Required work -> Set down exactly the lines in the records below that run from the line with "have -> : (s" to the line with "Let c_le1 : c", inclusive, and nothing more.

Top of Task data

Lemma block_itinerary_no_approx_period (f : K -> K) m M z d n0 :
  (forall i, (0 < m i)%N) -> (forall N, exists i0, forall i, (i0 <= i)%N -> (N <= M i)%N) ->
  has_block_itinerary abs f m M z -> (0 < d)%N ->
  ~ (forall t, (n0 <= t)%N -> abs (iter t f z - iter (t + d) f z) < 1).
Proof.
move=> m_gt0 M_unbounded itin d_gt0 approx.
have [i0 hi0] := M_unbounded d; set i := maxn i0 n0.+1.
have le_dM : (d <= M i)%N by apply: hi0; exact: leq_maxl.
have lt_n0 : (n0 < block_start m M i)%N.
  by apply: leq_trans (block_start_ge M i m_gt0); exact: leq_maxr.
have [in0 in1] := itin i; have := m_gt0 i => mi_gt0.
set s := (block_start m M i + (m i).-1)%N.
have x_lt1 : abs (iter s f z) < 1 by apply: in0; rewrite prednK.
have y_near1 : abs (iter (s + d) f z - 1) < 1.
  have -> : (s + d = block_start m M i + m i + d.-1)%N by rewrite /s; lia.
  by apply: in1; rewrite prednK.
have y_lt1 : abs (iter (s + d) f z) < 1.
  rewrite -(subrK (iter s f z) (iter (s + d) f z)) abs_add_lt // absB approx //.
  by rewrite /s; lia.
by move: y_lt1; rewrite (abs_eq1_of_near1 y_near1) ltxx.
Qed.

Section PowerSeries.
Variables (a : nat -> K) (Qf : K -> K) (rhat c : R).
Hypothesis rhat_ge1 : 1 <= rhat.
Hypothesis Qf_sum : forall z, abs z <= rhat -> cvgK abs (psum a z) (Qf z).
Hypothesis coef_le : forall i, abs (a i) * rhat ^+ i <= c.

Lemma coef_bound_ge0 : 0 <= c.
Proof. by apply: le_trans (coef_le 0); rewrite expr0 mulr1 abs_ge0. Qed.

Lemma abs_Qf_le z : abs z <= rhat -> abs (Qf z) <= c.
Proof.
move=> z_le; apply: cvgK_abs_le (Qf_sum z_le) _ => n.
rewrite abs_sum_le ?coef_bound_ge0 // => i; apply: le_trans (coef_le i).
by rewrite absM absX ler_wpM2l ?abs_ge0 ?lerXn2r_ge0 ?abs_ge0.
Qed.

Lemma abs_Qf_sub_le u v : abs u <= rhat -> abs v <= rhat ->
  abs (Qf v - Qf u) <= c * abs (v - u).
Proof.
move=> u_le v_le; set e := abs (v - u).
have e_ge0 : 0 <= e := abs_ge0 _.
have e_le : e <= rhat by rewrite abs_add_le ?absN.
apply: cvgK_abs_le (cvgK_sub (Qf_sum v_le) (Qf_sum u_le)) _ => n.
rewrite /psum -sumrB abs_sum_le ?mulr_ge0 ?coef_bound_ge0 // => -[[|i] _] /=.
  by rewrite !expr0 subrr abs0 mulr_ge0 ?coef_bound_ge0.
have rhat_ge0 : 0 <= rhat ^+ i by rewrite exprn_ge0 // (le_trans ler01).
have powdiff : abs (v ^+ i.+1 - u ^+ i.+1) <= e * rhat ^+ i.
  apply: abs_subX_le => /=; first by rewrite mulrC ler_wpM2l // lerXn2r_ge0 ?abs_ge0.
  by rewrite exprS ler_wpM2l // lerXn2r_ge0.
rewrite -mulrBr absM (le_trans (ler_wpM2l (abs_ge0 _) powdiff)) // mulrCA mulrC.
rewrite ler_wpM2r //; apply: le_trans (coef_le i.+1).
by rewrite exprS mulrCA ler_peMl ?mulr_ge0 ?abs_ge0.
Qed.

Section Map.
Variable lam : K.
Hypothesis c_lt_rho : c < rho R p.
Hypothesis p_prime : prime p.
Hypothesis lam_near1 : abs (lam - 1) < 1.

Local Notation g := (Qstar p lam Qf).
Let p_gt1 : (1 < p)%N := prime_gt1 p_prime.
Let pR_gt0 : (0 : R) < p%:R. Proof. by rewrite ltr0n (ltnW p_gt1). Qed.
Let pR_ge1 : (1 : R) <= p%:R. Proof. by rewrite ler1n (ltnW p_gt1). Qed.
Let c_ge0 : 0 <= c := coef_bound_ge0.
Let c_le1 : c <= 1. Proof. exact: ltW (lt_trans c_lt_rho (rho_lt1 R p_gt1)). Qed.

Lemma abs_sub1_lt1 h : abs (h - 1) <= abs (Qf 1) / p%:R -> abs (h - 1) < 1.
Proof.
move=> h_le; apply: le_lt_trans h_le _; rewrite ltr_pdivrMr // mul1r.
apply: le_lt_trans (abs_Qf_le _) _; first by rewrite abs1.
exact: lt_le_trans (lt_trans c_lt_rho (rho_lt1 R p_gt1)) pR_ge1.
Qed.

Bottom of Task data

Solution below ->
  have -> : (s + d = block_start m M i + m i + d.-1)%N by rewrite /s; lia.
  by apply: in1; rewrite prednK.
have y_lt1 : abs (iter (s + d) f z) < 1.
  rewrite -(subrK (iter s f z) (iter (s + d) f z)) abs_add_lt // absB approx //.
  by rewrite /s; lia.
by move: y_lt1; rewrite (abs_eq1_of_near1 y_near1) ltxx.
Qed.

Section PowerSeries.
Variables (a : nat -> K) (Qf : K -> K) (rhat c : R).
Hypothesis rhat_ge1 : 1 <= rhat.
Hypothesis Qf_sum : forall z, abs z <= rhat -> cvgK abs (psum a z) (Qf z).
Hypothesis coef_le : forall i, abs (a i) * rhat ^+ i <= c.

Lemma coef_bound_ge0 : 0 <= c.
Proof. by apply: le_trans (coef_le 0); rewrite expr0 mulr1 abs_ge0. Qed.

Lemma abs_Qf_le z : abs z <= rhat -> abs (Qf z) <= c.
Proof.
move=> z_le; apply: cvgK_abs_le (Qf_sum z_le) _ => n.
rewrite abs_sum_le ?coef_bound_ge0 // => i; apply: le_trans (coef_le i).
by rewrite absM absX ler_wpM2l ?abs_ge0 ?lerXn2r_ge0 ?abs_ge0.
Qed.

Lemma abs_Qf_sub_le u v : abs u <= rhat -> abs v <= rhat ->
  abs (Qf v - Qf u) <= c * abs (v - u).
Proof.
move=> u_le v_le; set e := abs (v - u).
have e_ge0 : 0 <= e := abs_ge0 _.
have e_le : e <= rhat by rewrite abs_add_le ?absN.
apply: cvgK_abs_le (cvgK_sub (Qf_sum v_le) (Qf_sum u_le)) _ => n.
rewrite /psum -sumrB abs_sum_le ?mulr_ge0 ?coef_bound_ge0 // => -[[|i] _] /=.
  by rewrite !expr0 subrr abs0 mulr_ge0 ?coef_bound_ge0.
have rhat_ge0 : 0 <= rhat ^+ i by rewrite exprn_ge0 // (le_trans ler01).
have powdiff : abs (v ^+ i.+1 - u ^+ i.+1) <= e * rhat ^+ i.
  apply: abs_subX_le => /=; first by rewrite mulrC ler_wpM2l // lerXn2r_ge0 ?abs_ge0.
  by rewrite exprS ler_wpM2l // lerXn2r_ge0.
rewrite -mulrBr absM (le_trans (ler_wpM2l (abs_ge0 _) powdiff)) // mulrCA mulrC.
rewrite ler_wpM2r //; apply: le_trans (coef_le i.+1).
by rewrite exprS mulrCA ler_peMl ?mulr_ge0 ?abs_ge0.
Qed.

Section Map.
Variable lam : K.
Hypothesis c_lt_rho : c < rho R p.
Hypothesis p_prime : prime p.
Hypothesis lam_near1 : abs (lam - 1) < 1.

Local Notation g := (Qstar p lam Qf).
Let p_gt1 : (1 < p)%N := prime_gt1 p_prime.
Let pR_gt0 : (0 : R) < p%:R. Proof. by rewrite ltr0n (ltnW p_gt1). Qed.
Let pR_ge1 : (1 : R) <= p%:R. Proof. by rewrite ler1n (ltnW p_gt1). Qed.
Let c_ge0 : 0 <= c := coef_bound_ge0.
Let c_le1 : c <= 1. Proof. exact: ltW (lt_trans c_lt_rho (rho_lt1 R p_gt1)). Qed.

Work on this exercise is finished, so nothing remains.